What Are the Winners Doing Right Now?
In which I attempt to make up my mind, based on what some well-performing strategies are recommending
The last time I posted, I mentioned I was waiting for three factors to change before I joined the bullish camp.
a) A better-looking high-yield option-adjusted spread. Results: improvements, but not quite where I want it to be.
That said, the absolute level of $$HYIOAS is historically not at all very high. From 2012-2017 for instance, it was seldom below the current level. But backtests indicate it’s less the absolute level, than whether it’s above or below its long-term moving average that counts.
b) Anchored volume-weighted averaged price: For the S&P500 and the Nasdaq, the case is closed — the technical line has been breached to the upside, big time.
Looking at Papa Dow however (and some folks say the Dow is still the most important index), the situation as of Friday evening is not quite clear yet.

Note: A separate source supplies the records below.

Definition generated_by (P : nat -> C -> C) (f : C -> C -> C) : Prop :=
  forall z : C, exists r : R, (0 < r)%R /\
    forall t : C, (Cmod t < r)%R ->
      @is_pseries C_AbsRing C_NormedModule (fun m => P m z) t (f t z).

From Stdlib Require Import Reals Arith Lra Lia Psatz.
From Coquelicot Require Import Coquelicot.

(** The discriminant condition makes the roots alpha, beta of a t^2 + b t + c real,
    and a c > 0 gives rho := a alpha^2 / c = alpha / beta > 0.  Comparing coefficients in
    (a t^2 + b t + c) (1 - t z) f(t, z) = 1 shows that the s_n := P_n(z) - z P_(n-1)(z)
    satisfy c s_n + b s_(n-1) + a s_(n-2) = [n = 0], whose solution is
    s_n = alpha^(-n) G_n / c with G_n = 1 + rho + ... + rho^n.  Hence
    P_m(z) = alpha^(-m) / c * sum_(j <= m) G_(m-j) (z alpha)^j, a polynomial in
    w = z alpha whose coefficients are positive, decreasing, and strictly decreasing at
    the first step.  By the Enestrom-Kakeya argument, Re ((1 - w) Q(w)) > 0 for such a
    polynomial Q when |w| <= 1 and w <> 1; since also Q(1) > 0, Q has no zero in the
    closed unit disk. *)

Open Scope R_scope.

Lemma Cproj_eq (u v : C) : Re u = Re v -> Im u = Im v -> u = v.
Proof. destruct u, v. simpl. intros -> ->. reflexivity. Qed.

Lemma RtoC_neq_0 (x : R) : x <> 0 -> RtoC x <> 0%C.
Proof. intros Hx H. exact (Hx (f_equal Re H)). Qed.

Lemma CV_radius_gt_0 (e : nat -> R) (r : R) :
  0 < r -> (forall x, Rabs x < r -> ex_pseries e x) -> Rbar_lt 0 (CV_radius e).
Proof.
  intros Hr Hconv.
  destruct (Rbar_lt_le_dec (CV_radius e) (r / 2)) as [Hlt | Hle].
  - exfalso. apply (CV_disk_outside e (r / 2)).
    + rewrite Rabs_pos_eq by lra. exact Hlt.
    + destruct (Hconv (r / 2)) as [l Hl]; [rewrite Rabs_pos_eq; lra |].
      apply (is_lim_seq_ext (fun k => scal (pow_n (r / 2) k) (e k))).
      { intro k. rewrite pow_n_pow. apply Rmult_comm. }
      apply ex_series_lim_0. exists l. exact Hl.
  - eapply Rbar_lt_le_trans; [| exact Hle]. simpl. lra.
Qed.

Lemma pseries_coef_unique (e1 e2 : nat -> R) (g : R -> R) (r : R) : 0 < r ->
  (forall x, Rabs x < r -> is_pseries e1 x (g x) /\ is_pseries e2 x (g x)) ->
  forall n, e1 n = e2 n.
Proof.
  intros Hr Hser n.
  apply PSeries_ext_recip.
  - apply (CV_radius_gt_0 _ r Hr). intros x Hx. exists (g x). apply Hser, Hx.
  - apply (CV_radius_gt_0 _ r Hr). intros x Hx. exists (g x). apply Hser, Hx.
  - exists (mkposreal r Hr). intros x Hx.
    assert (Hx' : Rabs x < r) by (rewrite <- (Rminus_0_r x); exact Hx).
    destruct (Hser x Hx') as [H1 H2].
    now rewrite (is_pseries_unique _ _ _ H1), (is_pseries_unique _ _ _ H2).
Qed.

Lemma pow_n_RtoC (x : R) (k : nat) : pow_n (K := C_Ring) (RtoC x) k = RtoC (x ^ k).
Proof.
  induction k as [| k IH]; [reflexivity |].
  simpl. rewrite IH. now rewrite RtoC_mult.
Qed.

Lemma is_pseries_real_linear (f : C -> R) (e : nat -> C) (x : R) (l : C) :
  (forall u v, f (u + v)%C = f u + f v) -> (forall (t : R) u, f (t * u)%C = t * f u) ->
  filterlim f (locally l) (locally (f l)) ->
  is_pseries e (RtoC x) l -> is_pseries (fun n => f (e n)) x (f l).
Proof.
  intros Hadd Hscal Hcont Hser. unfold is_pseries, is_series in *.
  eapply filterlim_ext; [| eapply filterlim_comp; [exact Hser | exact Hcont]].
  assert (Hterm : forall k u, f (scal (pow_n (RtoC x) k) u) = scal (pow_n x k) (f u)).
  { intros k u. change (f (pow_n (K := C_Ring) (RtoC x) k * u)%C = pow_n x k * f u).
    rewrite pow_n_RtoC, Hscal. f_equal. }
  intro n. cbv beta.
  induction n as [| n IH].
  - rewrite !sum_O. apply Hterm.
  - rewrite !sum_Sn, <- IH, <- Hterm. apply Hadd.
Qed.

Lemma filterlim_Re (l : C) : filterlim Re (locally l) (locally (Re l)).
Proof. intros P [eps HP]. exists eps. intros w [Hre _]. exact (HP _ Hre). Qed.

Lemma filterlim_Im (l : C) : filterlim Im (locally l) (locally (Im l)).
Proof. intros P [eps HP]. exists eps. intros w [_ Him]. exact (HP _ Him). Qed.

Lemma pseries_C_coef_unique (e1 e2 : nat -> C) (g : R -> C) (r : R) : 0 < r ->
  (forall x : R, Rabs x < r ->
     is_pseries e1 (RtoC x) (g x) /\ is_pseries e2 (RtoC x) (g x)) ->
  forall n, e1 n = e2 n.
Proof.
  intros Hr Hser n. apply Cproj_eq.
  - apply (pseries_coef_unique (fun k => Re (e1 k)) (fun k => Re (e2 k))
                                (fun x => Re (g x)) r Hr).
    intros x Hx. destruct (Hser x Hx) as [H1 H2].
    split; apply is_pseries_real_linear; auto using re_scal_l, filterlim_Re.
  - apply (pseries_coef_unique (fun k => Im (e1 k)) (fun k => Im (e2 k))
                                (fun x => Im (g x)) r Hr).
    intros x Hx. destruct (Hser x Hx) as [H1 H2].
    split; apply is_pseries_real_linear; auto using im_scal_l, filterlim_Im.
Qed.

Definition PS_one (n : nat) : C := match n with O => 1 | S _ => 0 end.

Definition PS_mul_quad (a b c : C) (e : nat -> C) (n : nat) : C :=
  (c * e n + b * PS_incr_1 e n + a * PS_incr_1 (PS_incr_1 e) n)%C.

Lemma is_pseries_PS_one (x : C) : is_pseries PS_one x (1 : C).
Proof.
  apply (filterlim_ext (fun _ => 1 : C)); [| apply filterlim_const].
  intro n. induction n as [| n IH].
  - rewrite sum_O. change ((1 : C) = 1 * 1)%C. ring.
  - rewrite sum_Sn, <- IH. change ((1 : C) = 1 + pow_n x (S n) * 0)%C. ring.
Qed.

Lemma is_pseries_mul_quad (a b c : C) (e : nat -> C) (x l : C) :
  is_pseries e x l -> is_pseries (PS_mul_quad a b c e) x ((a * x * x + b * x + c) * l)%C.
Proof.
  intro H0.
  pose proof (is_pseries_incr_1 _ _ _ H0) as H1.
  pose proof (is_pseries_incr_1 _ _ _ H1) as H2.
  pose proof (is_pseries_plus _ _ _ _ _
               (is_pseries_plus _ _ _ _ _
                 (is_pseries_scal c _ _ _ (Cmult_comm _ _) H0)
                 (is_pseries_scal b _ _ _ (Cmult_comm _ _) H1))
               (is_pseries_scal a _ _ _ (Cmult_comm _ _) H2)) as H.
  replace ((a * x * x + b * x + c) * l)%C
    with (c * l + b * (x * l) + a * (x * (x * l)))%C by ring.
  exact H.
Qed.

Lemma PS_mul_quad_inj (a b c : C) (s u : nat -> C) : c <> 0%C ->
  (forall n, PS_mul_quad a b c s n = PS_mul_quad a b c u n) -> forall n, s n = u n.
Proof.
  intros Hc Heq n. induction n as [n IH] using lt_wf_ind.
  specialize (Heq n). unfold PS_mul_quad in Heq.
  assert (H1 : PS_incr_1 s n = PS_incr_1 u n).
  { destruct n as [| k]; [reflexivity |]. apply IH. lia. }
  assert (H2 : PS_incr_1 (PS_incr_1 s) n = PS_incr_1 (PS_incr_1 u) n).
  { destruct n as [| [| k]]; [reflexivity | reflexivity |]. apply IH. lia. }
  rewrite H1, H2 in Heq.
  set (B := (b * PS_incr_1 u n + a * PS_incr_1 (PS_incr_1 u) n)%C).
  replace (s n) with (/ c * ((c * s n + b * PS_incr_1 u n + a * PS_incr_1 (PS_incr_1 u) n) - B))%C
    by (unfold B; field; exact Hc).
  rewrite Heq. unfold B. field. exact Hc.
Qed.

Definition geom_sum (rho : R) (n : nat) : R := sum_f_R0 (fun j => rho ^ j) n.

Lemma geom_sum_lt_S (rho : R) (n : nat) : 0 < rho -> geom_sum rho n < geom_sum rho (S n).
Proof.
  intro Hrho. change (geom_sum rho (S n)) with (geom_sum rho n + rho ^ S n).
  pose proof (pow_lt rho (S n) Hrho). lra.
Qed.

Lemma geom_sum_le (rho : R) (k l : nat) :
  0 < rho -> (k <= l)%nat -> geom_sum rho k <= geom_sum rho l.
Proof.
  intros Hrho Hkl. induction Hkl as [| l _ IH]; [lra |].
  pose proof (geom_sum_lt_S rho l Hrho). lra.
Qed.

Lemma geom_sum_ge_1 (rho : R) (n : nat) : 0 < rho -> 1 <= geom_sum rho n.
Proof.
  intro Hrho. replace 1 with (geom_sum rho 0) by (unfold geom_sum; simpl; ring).
  apply geom_sum_le; [exact Hrho | lia].
Qed.

Lemma quadratic_ne0_near_0 (a b c x : R) : c <> 0 ->
  Rabs x < Rabs c / (Rabs a + Rabs b + Rabs c) -> a * x * x + b * x + c <> 0.
Proof.
  intros Hc Hx Hroot.
  pose proof (Rabs_pos_lt c Hc). pose proof (Rabs_pos a). pose proof (Rabs_pos b).
  pose proof (Rabs_pos x).
  apply (Rmult_lt_compat_r (Rabs a + Rabs b + Rabs c)) in Hx; [| lra].
  unfold Rdiv in Hx. rewrite Rmult_assoc, Rinv_l, Rmult_1_r in Hx by lra.
  assert (Hx1 : Rabs x < 1) by nra.
  assert (Hbound : Rabs (a * x * x + b * x) <= (Rabs a + Rabs b) * Rabs x).
  { eapply Rle_trans; [apply Rabs_triang |]. rewrite !Rabs_mult.
    assert (0 <= Rabs a * Rabs x * (1 - Rabs x))
      by (apply Rmult_le_pos; [apply Rmult_le_pos |]; lra).
    lra. }
  replace (a * x * x + b * x) with (- c) in Hbound by lra.
  rewrite Rabs_Ropp in Hbound. nra.
Qed.

Lemma one_sub_mul_ne0 (u v : C) : Cmod u * Cmod v < 1 -> (1 - u * v)%C <> 0%C.
Proof.
  intros Huv H. assert (Huv1 : (u * v)%C = 1%C).
  { replace (u * v)%C with (1 - (1 - u * v))%C by ring. rewrite H. ring. }
  apply (f_equal Cmod) in Huv1. rewrite Cmod_mult, Cmod_1 in Huv1. lra.
Qed.

Lemma quadratic_root_real (a b c : R) (w : C) : a <> 0 -> 0 < b * b - 4 * a * c ->
  (RtoC a * w * w + RtoC b * w + RtoC c = 0)%C -> w = RtoC (Re w).
Proof.
  intros Ha Hdisc Hroot.
  destruct w as [x y]. simpl.
  apply (f_equal Re) in Hroot as Hre. apply (f_equal Im) in Hroot as Him.
  simpl in Hre, Him.
  assert (Hy : y = 0).
  { destruct (Req_dec y 0) as [| Hy]; [assumption | exfalso].
    assert (Hvertex : 2 * a * x + b = 0) by (apply (Rmult_eq_reg_l y); [nra | exact Hy]).
    assert (0 < y * y) by (apply Rsqr_pos_lt, Hy).
    assert (0 < a * a) by (apply Rsqr_pos_lt, Ha).
    nra. }
  now subst y.
Qed.

Lemma PS_mul_quad_geom (a b c x0 : R) : c <> 0 -> x0 <> 0 -> a * x0 * x0 + b * x0 + c = 0 ->
  forall n, PS_mul_quad a b c
              (fun k => RtoC (/ c) * (/ RtoC x0) ^ k * RtoC (geom_sum (a * x0 * x0 / c) k))%C n
            = PS_one n.
Proof.
  intros Hc Hx Hroot n.
  assert (Hb : b = - (c + a * x0 * x0) / x0) by (field_simplify_eq; [nra | exact Hx]).
  unfold PS_mul_quad, geom_sum.
  destruct n as [| [| n]]; cbn [PS_incr_1 PS_one]; rewrite <- ?(RtoC_inv x0 Hx), <- ?RtoC_pow;
    apply Cproj_eq; simpl; rewrite ?Hb; field; auto.
Qed.

Lemma genf_coef_recurrence (a b c : R) (P : nat -> C -> C) (z : C) : c <> 0 ->
  generated_by P (genf a b c) ->
  forall n, PS_mul_quad a b c (PS_mul_quad 0 (- z) 1 (fun m => P m z)) n = PS_one n.
Proof.
  intros Hc HP.
  destruct (HP z) as [r [Hr Hser]].
  set (eps := Rmin r (Rmin (Rabs c / (Rabs a + Rabs b + Rabs c)) (/ (Cmod z + 1)))).
  assert (Heps : 0 < eps).
  { pose proof (Rabs_pos_lt c Hc). pose proof (Rabs_pos a). pose proof (Rabs_pos b).
    pose proof (Cmod_ge_0 z).
    unfold eps. repeat apply Rmin_glb_lt; auto.
    - apply Rdiv_lt_0_compat; lra.
    - apply Rinv_0_lt_compat. lra. }
  apply (pseries_C_coef_unique _ _ (fun _ => 1%C) eps Heps).
  intros x Hx. cbv beta. split; [| apply is_pseries_PS_one].
  assert (Hquad : a * x * x + b * x + c <> 0).
  { apply quadratic_ne0_near_0; [exact Hc |].
    eapply Rlt_le_trans; [exact Hx |]. eapply Rle_trans; [apply Rmin_r | apply Rmin_l]. }
  assert (Hlin : (1 - RtoC x * z)%C <> 0%C).
  { apply one_sub_mul_ne0. rewrite Cmod_R.
    assert (Hxz : Rabs x < / (Cmod z + 1)).
    { eapply Rlt_le_trans; [exact Hx |]. eapply Rle_trans; apply Rmin_r. }
    pose proof (Cmod_ge_0 z). pose proof (Rabs_pos x).
    apply (Rmult_lt_compat_r (Cmod z + 1)) in Hxz; [| lra].
    rewrite Rinv_l in Hxz by lra. nra. }
  assert (Hxr : Cmod x < r) by (rewrite Cmod_R; eapply Rlt_le_trans; [exact Hx | apply Rmin_l]).
  pose proof (is_pseries_mul_quad a b c _ x _ (is_pseries_mul_quad 0 (- z) 1 _ x _ (Hser x Hxr)))
    as Hprod.
  replace ((RtoC a * x * x + RtoC b * x + RtoC c)
             * ((0 * x * x + (- z) * x + 1) * genf a b c x z))%C
    with (RtoC 1) in Hprod; [exact Hprod |].
  unfold genf. field. split; [exact Hlin |].
  intro H. apply Hquad. apply (f_equal Re) in H. simpl in H. lra.
Qed.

c) As a third criterium, I mentioned that I’d wait for a final flush out and rebound, à la Lowry Thrust. And boy, have I got some egg on my face. A sharp subscriber named Sebastian pointed out that indeed, a Lowry Thrust had by most accounts occurred on April 6/April 9.
I knew when I started blogging in 2022 that sooner or later, somebody would point out a major malfunction. I was hoping for later!
So, maybe two out of three arguments are in favor of this being a new bull market.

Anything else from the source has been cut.